I recently discovered my wife of nearly ten years has been involved in an extra-marital affair for about a year. It came as a complete shock to me because of my complete faith in our commitment to each other. I was terribly mistaken in my trust. We have been seeing a counselor and many issues that contributed to our break down have come out. I recently discovered that she has not been content in our relationship for the past several years. I am beginning to question whether we are right for each other. She did choose me over the other man, but I feel her motivation for that choice may be based on her head and not her heart. Intimacy for her has been very hard and I feel that she is still harboring feelings for the other man as well as resentment for me. I am in need of encouragement and reassurance which I do feel I am getting from her. I have been so shocked not just by the affair but also by her discontent with our relationship (for so long) that I do not know where to begin. I am willing to work at this but I am not as confident that we will be able to get back to where we need to be. I guess I felt that bad influences, emotional stresses, losses, etc. over the past year or so had led to her infidelity, but now I think it goes much deeper than that. If two people have such different views of the quality of a relationship, and infidelity is present should they continue to try to reconcile.

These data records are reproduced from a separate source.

Lemma Rintegral_inv_coshR2 (k w a b : R) : w != 0 -> a < b ->
  \int[lebesgue_measure]_(s in `[a, b]) (k / coshR (w * (b - s)) ^+ 2)
  = k / w * tanhR (w * (b - a)).
Proof.
move=> w_neq0 ab.
pose F s := - (k / w) * tanhR (w * (b - s)).
have dF (s : R) : is_derive s 1 F (k / coshR (w * (b - s)) ^+ 2).
  by apply: is_derive_eq; rewrite /GRing.scale /= -oneB_tanhR2; field.
have F_derivable (s : R) : derivable F s 1 by have [] := dF s.
under eq_Rintegral do rewrite -oneB_tanhR2.
rewrite /Rintegral (@continuous_FTC2 _ _ F _ _ ab).
- by rewrite -EFinB /= /F subrr mulr0 tanhR0 mulr0 sub0r mulNr opprK.
- apply: derivable_within_continuous => s _; exact: ex_derive.
- split.
  + by move=> s _; exact: F_derivable.
  + by apply/cvg_at_right_filter/differentiable_continuous/derivable1_diffP.
  + by apply/cvg_at_left_filter/differentiable_continuous/derivable1_diffP.
- by move=> s _; rewrite derive1E derive_val -oneB_tanhR2.
Qed.

Lemma coshR_sinhR_quadratic_form q z x y : q != 0 -> sinhR z != 0 ->
  ((coshR z)^-1 ^+ 2 / (tanhR z / q) + q * tanhR z) * x ^+ 2
    - 2 * ((coshR z)^-1 / (tanhR z / q)) * x * y + y ^+ 2 / (tanhR z / q)
  = (2 * q * (x ^+ 2 + y ^+ 2) * coshR z - 2 * (2 * q) * x * y) / (2 * sinhR z).
Proof.
move=> q_neq0 s_neq0; rewrite /tanhR.
have c_neq0 := coshR_neq0 z.
rewrite -[X in (X + _) * x ^+ 2]mulr1 -(coshR2BsinhR2 z).
by field; rewrite coshR2BsinhR2 oner_neq0 q_neq0 s_neq0 c_neq0.
Qed.

End Hyperbolic.

Section Gronwall.
Variable R : realType.
Implicit Types (f df : R -> R) (a b C : R).

Lemma gronwall_eq0l f df a b C :
  (forall r, a <= r <= b -> is_derive r 1 f (df r)) ->
  (forall r, a <= r <= b -> 0 <= f r) ->
  (forall r, a <= r <= b -> `|df r| <= C * f r) ->
  f a = 0 -> forall r, a <= r <= b -> f r = 0.
Proof.
move=> df_f f_ge0 df_le fa0 r /andP[ar rb].
pose g s := f s * expR (- C * s).
have dg s : a <= s <= b -> is_derive s 1 g (expR (- C * s) * (df s - C * f s)).
  move=> sab; have := df_f s sab => dfs.
  by apply: is_derive_eq; rewrite /GRing.scale /=; ring.
have in_oo s : s \in `]a, b[ -> a <= s <= b.
  by rewrite in_itv /= => /andP[/ltW -> /ltW ->].
have g_ge0 : 0 <= g r by rewrite mulr_ge0 ?f_ge0 ?ar ?rb ?expR_ge0.
have g_le : g r <= g a.
  apply: (ler0_derive1_le_cc (f := g) (a := a) (b := b)).
  - by move=> s /in_oo /dg [].
  - move=> s /in_oo sab; have := dg s sab => dgs; rewrite derive1E derive_val.
    rewrite pmulr_rle0 ?expR_gt0 // subr_le0.
    exact: le_trans (ler_norm _) (df_le s sab).
  - apply: derivable_within_continuous => s.
    by rewrite in_itv /= => /dg [].
  - by rewrite in_itv /= ar rb.
  - by rewrite in_itv /= lexx (le_trans ar rb).
  - exact: ar.
rewrite /g fa0 mul0r in g_le.
have : g r == 0 by rewrite eq_le g_le g_ge0.
by rewrite mulf_eq0 (gt_eqF (expR_gt0 _)) orbF => /eqP.
Qed.

Lemma gronwall_eq0 f df a b C :
  (forall r, a <= r <= b -> is_derive r 1 f (df r)) ->
  (forall r, a <= r <= b -> 0 <= f r) ->
  (forall r, a <= r <= b -> `|df r| <= C * f r) ->
  f a = 0 \/ f b = 0 -> forall r, a <= r <= b -> f r = 0.
Proof.
move=> df_f f_ge0 df_le [fa0|fb0].
  exact: gronwall_eq0l df_f f_ge0 df_le fa0.
have Nab s : - b <= s <= - a -> a <= - s <= b.
  by move=> /andP[bs sa]; rewrite lerNr lerNl sa bs.
move=> r rab; rewrite -[r]opprK.
apply: (@gronwall_eq0l (fun s => f (- s)) (fun s => - df (- s)) (- b) (- a) C).
- move=> s /Nab sab; have := df_f _ sab => dfs.
  by apply: is_derive_eq; rewrite /GRing.scale /=; ring.
- by move=> s /Nab; exact: f_ge0.
- by move=> s /Nab sab; rewrite normrN; exact: df_le.
- by rewrite opprK.
- by rewrite lerN2 andbC lerN2.
Qed.

End Gronwall.

Section MatrixDot.
Variable R : realFieldType.
Variables m p : nat.
Implicit Types X Y Z : 'M[R]_(m, p).

Definition mx_dot X Y : R := \sum_i \sum_j X i j * Y i j.

Lemma mx_dotDr X Y Z : mx_dot X (Y + Z) = mx_dot X Y + mx_dot X Z.
Proof.
rewrite /mx_dot -big_split; apply: eq_bigr => i _.
by rewrite -big_split; apply: eq_bigr => j _; rewrite mxE mulrDr.
Qed.

Lemma mx_dot0 : mx_dot 0 0 = 0.
Proof. by apply: big1 => i _; apply: big1 => j _; rewrite mxE mul0r. Qed.

Lemma mx_dot_ge0 X : 0 <= mx_dot X X.
Proof. by apply: sumr_ge0 => i _; apply: sumr_ge0 => j _; exact: sqr_ge0. Qed.

Lemma sqr_entry_le_mx_dot X i j : X i j ^+ 2 <= mx_dot X X.
Proof.
have sum_ge0 i' : 0 <= \sum_j X i' j * X i' j.
  by apply: sumr_ge0 => k _; exact: sqr_ge0.
rewrite /mx_dot (bigD1 i) //= (bigD1 j) //= -addrA lerDl.
by apply: addr_ge0; apply: sumr_ge0 => k _; [exact: sqr_ge0|exact: sum_ge0].
Qed.

Lemma normM_entry_le_mx_dot X i j k l : `|X i j * X k l| <= mx_dot X X.
Proof.
have := sqr_entry_le_mx_dot X i j; have := sqr_entry_le_mx_dot X k l.
rewrite normrM -(real_normK (num_real (X i j))) -(real_normK (num_real (X k l))).
by have := normr_ge0 (X i j); have := normr_ge0 (X k l); nra.
Qed.

Lemma mx_dot_eq0 X : mx_dot X X = 0 -> X = 0.
Proof.
move=> X0; apply/matrixP => i j; rewrite mxE.
by apply/eqP; rewrite -sqrf_eq0 eq_le sqr_ge0 andbT -X0 sqr_entry_le_mx_dot.
Qed.

Lemma sum3_const (n1 n2 n3 : nat) (c : R) :
  \sum_(i < n1) \sum_(j < n2) \sum_(k < n3) c = (n1 * n2 * n3)%:R * c.
Proof.
by rewrite !sumr_const !card_ord -!mulrnA mulr_natl (mulnC n3) (mulnC n2).
Qed.

Lemma mx_dot_mull_le X (A : 'M[R]_m) K : (forall i k, `|A i k| <= K) ->
  `|mx_dot X (A *m X)| <= (m * p * m)%:R * K * mx_dot X X.
Proof.
move=> A_le; rewrite -mulrA -sum3_const.
apply: (le_trans (ler_norm_sum _ _ _)); apply: ler_sum => i _.
apply: (le_trans (ler_norm_sum _ _ _)); apply: ler_sum => j _.
rewrite mxE mulr_sumr; apply: (le_trans (ler_norm_sum _ _ _)); apply: ler_sum => k _.
by rewrite mulrCA normrM ler_pM ?normr_ge0 ?A_le ?normM_entry_le_mx_dot.
Qed.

Thank you again for your help.
Why do you discount a choice made by sound reasoning? Especially when the Bible states that the heart is not to be trusted? "He who trusts in his own heart is a fool, but whoever walks wisely will be delivered" (Proverbs 28:26).
I don't know the reasons your wife decided to stay with you and work things out. But if you keep holding back your commitment to the marriage, those issues will grow instead of become resolved.
God has always hated divorce. ""For the LORD God of Israel says That He hates divorce, For it covers one's garment with violence," Says the LORD of hosts. "Therefore take heed to your spirit, That you do not deal treacherously"" (Malachi 2:16). Even when He gave permission to divorce with the right to remarry because of adultery, it was an allowance, not a demand. The wording of Matthew 19:9 indicates a sinful state that is not repented of. So given that your wife has repented of her sins and wants to work on the marriage, then as a Christian it is your obligation to forgive her and also repair the breach. "For if you forgive men their trespasses, your heavenly Father will also forgive you. But if you do not forgive men their trespasses, neither will your Father forgive your trespasses" (Matthew 6:14-15).
Thank you so much for your words. It is amazing to me how what you said was exactly what I needed to hear. Doubt is such a destructive thing and it was beginning to challenge my resolve. Your thoughts helped me remember that the choice you spoke of is not just deciding to stay together, but also the choice to marry her and make her my wife in the first place. I am going to try to focus on my commitment and obligation to her and God and not on my doubts. Thank you again.